Seperti Makanan, Musik Tergantung Selera


Berbicara tentang musik memang tidak ada habisnya. Ia bisa menjadi pemersatu, dan di saat yang bersamaan bisa menjadi pemecah. Yang terakhir ini hanyalah perbuatan para oknum yang tidak bertanggung jawab. Tapi, musik sejatinya hampir mirip-mirip dengan makanan; soal selera masing-masing individu. Tak bisa kita memaksakan apa yang menurut kita enak kepada orang lain yang jelas-jelas menjulurkan lidah atau bergidik ketika mendengar namanya. Ada yang suka dan gila dengan dangdut koplo panturanan kemudian tiba-tiba disetelkan satu nomor dari Thy Art Is Murder, ya jelas saja dia mesti ngacir. Sebaliknya juga, ada yang menggandrungi Waking the Cadaver hingga teknik bernyanyinya pun bisa, namun ketika ada yang memutar Love Song-nya Big Bang, tanpa dikomando pun sejurus juga ngibrit sambil tutup kuping dan misuh-misuh.

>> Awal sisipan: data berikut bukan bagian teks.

Lemma euler_seq_bracket : exists l : R, is_lim_seq euler_seq l /\
  forall n, (2 <= n)%nat -> euler_seq n - / (2 * INR n) <= l <= euler_seq n - / (2 * INR (S n)).
Proof.
destruct (adjacent_seq_lim (fun n => euler_seq n - / (2 * INR n))
                           (fun n => euler_seq n - / (2 * INR (S n))) 2) as [l [Hl [_ Hbr]]].
- intros n Hn. assert (Hx : 2 <= INR n) by (apply (le_INR 2); lia).
  pose proof (euler_seq_sub_succ n ltac:(lia)).
  pose proof (ln_1p_le_cubic (1 / INR n) ltac:(apply Rdiv_le_0_compat; lra)).
  rewrite S_INR in *. set (x := INR n) in *.
  assert (/ (2 * x) - / (2 * (x + 1)) - (1 / x - (1 / x) ^ 2 / 2 + (1 / x) ^ 3 / 3 - / (x + 1))
          = (x - 2) / (6 * x ^ 3 * (x + 1))) by (field; lra).
  assert (0 <= (x - 2) / (6 * x ^ 3 * (x + 1))) by (apply Rdiv_le_0_compat; nra).
  lra.
- intros n Hn. assert (Hx : 2 <= INR n) by (apply (le_INR 2); lia).
  pose proof (euler_seq_sub_succ n ltac:(lia)).
  pose proof (ln_1p_ge_quadratic (1 / INR n) ltac:(apply Rdiv_le_0_compat; lra)).
  rewrite !S_INR in *. set (x := INR n) in *.
  assert (1 / x - (1 / x) ^ 2 / 2 - / (x + 1) - (/ (2 * (x + 1)) - / (2 * (x + 1 + 1)))
          = (x - 2) / (2 * x ^ 2 * (x + 1) * (x + 2))) by (field; lra).
  assert (0 <= (x - 2) / (2 * x ^ 2 * (x + 1) * (x + 2))) by (apply Rdiv_le_0_compat; nra).
  lra.
- apply (is_lim_seq_ext (fun n => / 2 * (/ (INR n + 0) - / (INR n + 1)))).
  { intros n. rewrite S_INR, Rplus_0_r, !Rinv_mult. ring. }
  replace (Finite 0) with (Finite (/ 2 * (0 - 0))) by (f_equal; ring).
  apply is_lim_seq_mult'; [apply is_lim_seq_const|].
  apply is_lim_seq_minus'; apply is_lim_seq_inv_INR_plus.
- exists l. split; [|exact Hbr].
  apply (is_lim_seq_ext_loc (fun n => (euler_seq n - / (2 * INR n)) + / 2 * / INR n)).
  { exists 1%nat. intros n Hn. assert (0 < INR n) by (apply lt_0_INR; lia). field. lra. }
  replace (Finite l) with (Finite (l + / 2 * 0)) by (f_equal; ring).
  apply is_lim_seq_plus'; [exact Hl|].
  apply is_lim_seq_mult'; [apply is_lim_seq_const | apply is_lim_seq_inv_INR].
Qed.

Lemma euler_gamma_eq_lim l : is_lim_seq euler_seq l -> euler_gamma = l.
Proof.
intros Hl. unfold euler_gamma. fold euler_seq. now rewrite (is_lim_seq_unique _ _ Hl).
Qed.

Lemma euler_seq_lim : is_lim_seq euler_seq euler_gamma.
Proof.
destruct euler_seq_bracket as [l [Hl _]]. now rewrite (euler_gamma_eq_lim l Hl).
Qed.

Lemma euler_gamma_bounds n : (2 <= n)%nat ->
  euler_seq n - / (2 * INR n) <= euler_gamma <= euler_seq n - / (2 * INR (S n)).
Proof.
destruct euler_seq_bracket as [l [Hl Hbr]]. rewrite (euler_gamma_eq_lim l Hl). exact (Hbr n).
Qed.

Lemma euler_seq_sub_gamma_rate a :
  is_lim_seq (fun n => (INR n + a) * (euler_seq n - euler_gamma)) (/ 2).
Proof.
apply is_lim_seq_le_le_loc with (fun n => (INR n + a) / (INR n + 1) * / 2)
                                (fun n => (INR n + a) / (INR n + 0) * / 2).
- destruct (eventually_INR_plus_pos a) as [N HN]. exists (N + 2)%nat. intros n Hn.
  specialize (HN n ltac:(lia)). pose proof (euler_gamma_bounds n ltac:(lia)) as Hb.
  assert (0 < INR n) by (apply lt_0_INR; lia). rewrite S_INR in Hb. split.
  + replace ((INR n + a) / (INR n + 1) * / 2) with ((INR n + a) * / (2 * (INR n + 1)))
      by (field; lra).
    apply Rmult_le_compat_l; lra.
  + replace ((INR n + a) / (INR n + 0) * / 2) with ((INR n + a) * / (2 * INR n)) by (field; lra).
    apply Rmult_le_compat_l; lra.
- replace (Finite (/ 2)) with (Finite (1 * / 2)) by (f_equal; ring).
  apply is_lim_seq_mult'; [apply is_lim_seq_INR_ratio | apply is_lim_seq_const].
- replace (Finite (/ 2)) with (Finite (1 * / 2)) by (f_equal; ring).
  apply is_lim_seq_mult'; [apply is_lim_seq_INR_ratio | apply is_lim_seq_const].
Qed.

(** * Stirling's constant *)

Fixpoint ln_fact (n : nat) : R :=
  match n with
  | O => 0
  | S m => ln_fact m + ln (INR (S m))
  end.

Definition stirling_seq (n : nat) : R := ln_fact n - (INR n + / 2) * ln (INR n) + INR n.

Lemma stirling_seq_step_bound n : (1 <= n)%nat ->
  Rabs (stirling_seq (S n) - stirling_seq n) <= / 2 * (/ INR n - / INR (S n)).
Proof.
intros Hn. assert (Hx : 1 <= INR n) by (apply (le_INR 1); lia).
assert (Hstep : stirling_seq n - stirling_seq (S n) = (INR n + / 2) * ln (1 + 1 / INR n) - 1).
{ unfold stirling_seq. cbn [ln_fact]. rewrite <- ln_plus_sub_ln, <- S_INR by lra.
  rewrite S_INR. ring. }
assert (Hu : 0 <= 1 / INR n) by (apply Rdiv_le_0_compat; lra).
pose proof (ln_1p_le_cubic _ Hu). pose proof (ln_1p_ge_pade _ Hu).
rewrite S_INR. set (x := INR n) in *. set (L := ln (1 + 1 / x)) in *.
assert (Hlow : 1 <= (x + / 2) * L).
{ replace 1 with ((x + / 2) * (2 * (1 / x) / (2 + 1 / x))) by (field; lra).
  apply Rmult_le_compat_l; lra. }
assert (Hup : (x + / 2) * L <= (x + / 2) * (1 / x - (1 / x) ^ 2 / 2 + (1 / x) ^ 3 / 3))
  by (apply Rmult_le_compat_l; lra).
assert (/ 2 * (/ x - / (x + 1)) - ((x + / 2) * (1 / x - (1 / x) ^ 2 / 2 + (1 / x) ^ 3 / 3) - 1)
        = (5 * x + 2) * (x - 1) / (12 * x ^ 3 * (x + 1))) by (field; lra).
assert (0 <= (5 * x + 2) * (x - 1) / (12 * x ^ 3 * (x + 1))) by (apply Rdiv_le_0_compat; nra).
rewrite Rabs_left1 by lra. lra.
Qed.

Definition wallis (n : nat) : R := RInt (fun t => sin t ^ n) 0 (PI / 2).

Lemma ex_RInt_sin_pow n a b : ex_RInt (fun t => sin t ^ n) a b.
Proof.
apply (@ex_RInt_continuous R_CompleteNormedModule). intros t _.
apply (@ex_derive_continuous R_AbsRing R_NormedModule). auto_derive. auto.
Qed.

(* Integration by parts, with [(sin^(n+1) cos)' = (n+1) sin^n - (n+2) sin^(n+2)]. *)
Lemma wallis_rec n : INR (S (S n)) * wallis (S (S n)) = INR (S n) * wallis n.
Proof.
set (df t := INR (S n) * sin t ^ n - INR (S (S n)) * sin t ^ (S (S n))).
set (F t := sin t ^ (S n) * cos t).
assert (Hparts : is_RInt df 0 (PI / 2) (minus (F (PI / 2)) (F 0))).
{ apply (@is_RInt_derive R_CompleteNormedModule F df).
  - intros t _. unfold df, F. auto_derive; [auto|].
    change (match n with 0%nat => 1 | S _ => INR n + 1 end) with (INR (S n)).
    rewrite !S_INR. pose proof (sin2_cos2 t) as Hsc. unfold Rsqr in Hsc.
    transitivity ((INR n + 1) * sin t ^ n * (cos t * cos t) - sin t ^ S (S n)); [simpl; ring|].
    replace (cos t * cos t) with (1 - sin t * sin t) by lra. simpl; ring.
  - intros t _. unfold df. apply (@ex_derive_continuous R_AbsRing R_NormedModule).
    auto_derive. auto. }
assert (Hbd : minus (F (PI / 2)) (F 0) = 0).
{ unfold F. rewrite cos_PI2, sin_0. simpl. unfold minus, plus, opp; simpl. ring. }
assert (Hlin : is_RInt df 0 (PI / 2) (INR (S n) * wallis n - INR (S (S n)) * wallis (S (S n)))).
{ apply (is_RInt_ext (fun t => minus (scal (INR (S n)) (sin t ^ n))
                                      (scal (INR (S (S n))) (sin t ^ (S (S n)))))); [reflexivity|].
  apply (@is_RInt_minus R_NormedModule); apply (@is_RInt_scal R_NormedModule);
    apply (@RInt_correct R_CompleteNormedModule); apply ex_RInt_sin_pow. }
rewrite Hbd in Hparts.
apply (@is_RInt_unique R_CompleteNormedModule) in Hparts.
apply (@is_RInt_unique R_CompleteNormedModule) in Hlin.
rewrite Hparts in Hlin. lra.
Qed.

Lemma wallis_0 : wallis 0 = PI / 2.
Proof.
unfold wallis. simpl. rewrite (@RInt_const R_CompleteNormedModule).
unfold scal; simpl. unfold mult; simpl. ring.
Qed.

Lemma wallis_1 : wallis 1 = 1.
Proof.
unfold wallis. apply (@is_RInt_unique R_CompleteNormedModule).
replace 1 with (minus ((fun t => - cos t) (PI / 2)) ((fun t => - cos t) 0))
  by (rewrite cos_PI2, cos_0; unfold minus, plus, opp; simpl; ring).
apply (@is_RInt_derive R_CompleteNormedModule (fun t => - cos t) (fun t => sin t ^ 1)).
- intros t _. auto_derive; [auto | ring].
- intros t _. apply (@ex_derive_continuous R_AbsRing R_NormedModule). auto_derive. auto.
Qed.

Lemma sin_bounds_0_PI2 t : 0 <= t <= PI / 2 -> 0 <= sin t <= 1.
Proof.
intros Ht. pose proof PI_RGT_0. pose proof (SIN_bound t).
split; [apply sin_ge_0|]; lra.
Qed.

Lemma wallis_ge0 n : 0 <= wallis n.
Proof.
pose proof PI_RGT_0.
apply RInt_ge_0; [lra | apply ex_RInt_sin_pow|].
intros t Ht. apply pow_le, sin_bounds_0_PI2. lra.
Qed.

Lemma wallis_succ_le n : wallis (S n) <= wallis n.
Proof.
pose proof PI_RGT_0.
apply RInt_le; [lra | apply ex_RInt_sin_pow | apply ex_RInt_sin_pow|].
intros t Ht. destruct (sin_bounds_0_PI2 t ltac:(lra)). simpl.
assert (0 <= sin t ^ n) by (apply pow_le; lra). nra.
Qed.

Lemma wallis_mul_succ n : INR (S n) * wallis (S n) * wallis n = PI / 2.
Proof.
induction n as [|n IHn].
- rewrite wallis_1, wallis_0. simpl. ring.
- rewrite wallis_rec, <- IHn. ring.
Qed.

Lemma wallis_gt0 n : 0 < wallis n.
Proof.
pose proof (wallis_mul_succ n). pose proof PI_RGT_0.
destruct (wallis_ge0 n) as [|Hz]; [assumption|].
rewrite <- Hz, Rmult_0_r in *. lra.
Qed.

Lemma ln_wallis_odd m :
  ln (wallis (2 * m + 1)) = INR (2 * m) * ln 2 + 2 * ln_fact m - ln_fact (2 * m + 1).
Proof.
induction m as [|m IHm].
- simpl. rewrite wallis_1, ln_1. ring.
- replace (2 * S m + 1)%nat with (S (S (2 * m + 1))) by lia.
  set (k := (2 * m + 1)%nat) in *.
  assert (Hk : 0 < INR (S k)) by (apply lt_0_INR; lia).
  assert (Hk2 : 0 < INR (S (S k))) by (apply lt_0_INR; lia).
  assert (Hw : wallis (S (S k)) = INR (S k) * / INR (S (S k)) * wallis k).
  { apply Rmult_eq_reg_l with (INR (S (S k))); [|lra]. rewrite wallis_rec. field. lra. }
  pose proof (wallis_gt0 k).
  rewrite Hw, !ln_mult, ln_Rinv, IHm by auto using Rmult_lt_0_compat, Rinv_0_lt_compat.
  cbn [ln_fact].
  replace (INR (S k)) with (2 * INR (S m))
    by (unfold k; rewrite !S_INR, plus_INR, mult_INR; simpl; ring).
  replace (INR (2 * S m)) with (INR (2 * m) + 2) by (rewrite !mult_INR, (S_INR m); simpl; ring).
  rewrite ln_mult by (try lra; apply lt_0_INR; lia). ring.
Qed.

(* Squeeze from [W(2m+2) <= W(2m+1) <= W(2m)] and [(n+1) W(n+1) W(n) = PI/2]. *)
Lemma wallis_odd_lim : is_lim_seq (fun m => INR (2 * m + 1) * wallis (2 * m + 1) ^ 2) (PI / 2).
Proof.
pose proof PI_RGT_0.
apply is_lim_seq_le_le with (fun m => (INR m + / 2) / (INR m + 1) * (PI / 2)) (fun _ => PI / 2).
- intros m.
  pose proof (wallis_mul_succ (2 * m)) as H0. pose proof (wallis_mul_succ (S (2 * m))) as H1.
  pose proof (wallis_succ_le (2 * m)) as D0. pose proof (wallis_succ_le (S (2 * m))) as D1.
  pose proof (wallis_gt0 (S (2 * m))). pose proof (wallis_gt0 (S (S (2 * m)))).
  replace (2 * m + 1)%nat with (S (2 * m)) by lia.
  replace (INR (S (S (2 * m)))) with (2 * INR m + 2) in *
    by (rewrite !S_INR, mult_INR; simpl; ring).
  replace (INR (S (2 * m))) with (2 * INR m + 1) in *
    by (rewrite !S_INR, mult_INR; simpl; ring).
  pose proof (pos_INR m).
  set (a := wallis (S (2 * m))) in *. set (b := wallis (S (S (2 * m)))) in *.
  set (c := wallis (2 * m)) in *.
  split.
  + replace ((INR m + / 2) / (INR m + 1) * (PI / 2)) with ((2 * INR m + 1) * b * a)
      by (rewrite <- H1; field; lra).
    simpl. nra.
  + rewrite <- H0. simpl. nra.
- replace (Finite (PI / 2)) with (Finite (1 * (PI / 2))) by (f_equal; ring).
  apply is_lim_seq_mult'; [apply is_lim_seq_INR_ratio | apply is_lim_seq_const].
- apply is_lim_seq_const.
Qed.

Sama seperti seorang penggila durian yang menyodorkan si raja buah ini kepada mereka yang langsung mual bahkan ketika baru mendengar namanya.

Ngomong-ngomong soal selera musik, saya sendiri pun masih bingung dengan selera saya. Karena, hampir-hampir, saya mencoba mencicipi sekian genre yang bertebaran di Spotify. Ya, walaupun tidak kesemuanya bisa nyantol manis di kuping, yang pasti, asal easy listening ya gas sajalah. Ada satu cerita—menarik untuk saya, belum tentu untuk Anda—dulu, sewaktu masih duduk di bangku SD, saya tumbuh mendengarkan lagu-lagu dari Jamrud—salah satu band rock yang masyhur di Indonesia—seperti Surti Tejo, Pelangi di Matamu, dan Ningrat. Bahkan, masih segar di ingatan saya, salah satu keping CD mereka pun saya punya, tentunya yang bajakan di abang-abang pinggir jalan. Maaf. Di kala itu juga, 2000-an, musik-musik semacam yang dimainkan Peterpan, Nidji, Kangen Band, Ada Band, Wali, ST12 dan sederet band-band pop-melayu yang sedang naik daun menjadi playlist wajib bagi anak, yang mengaku, muda.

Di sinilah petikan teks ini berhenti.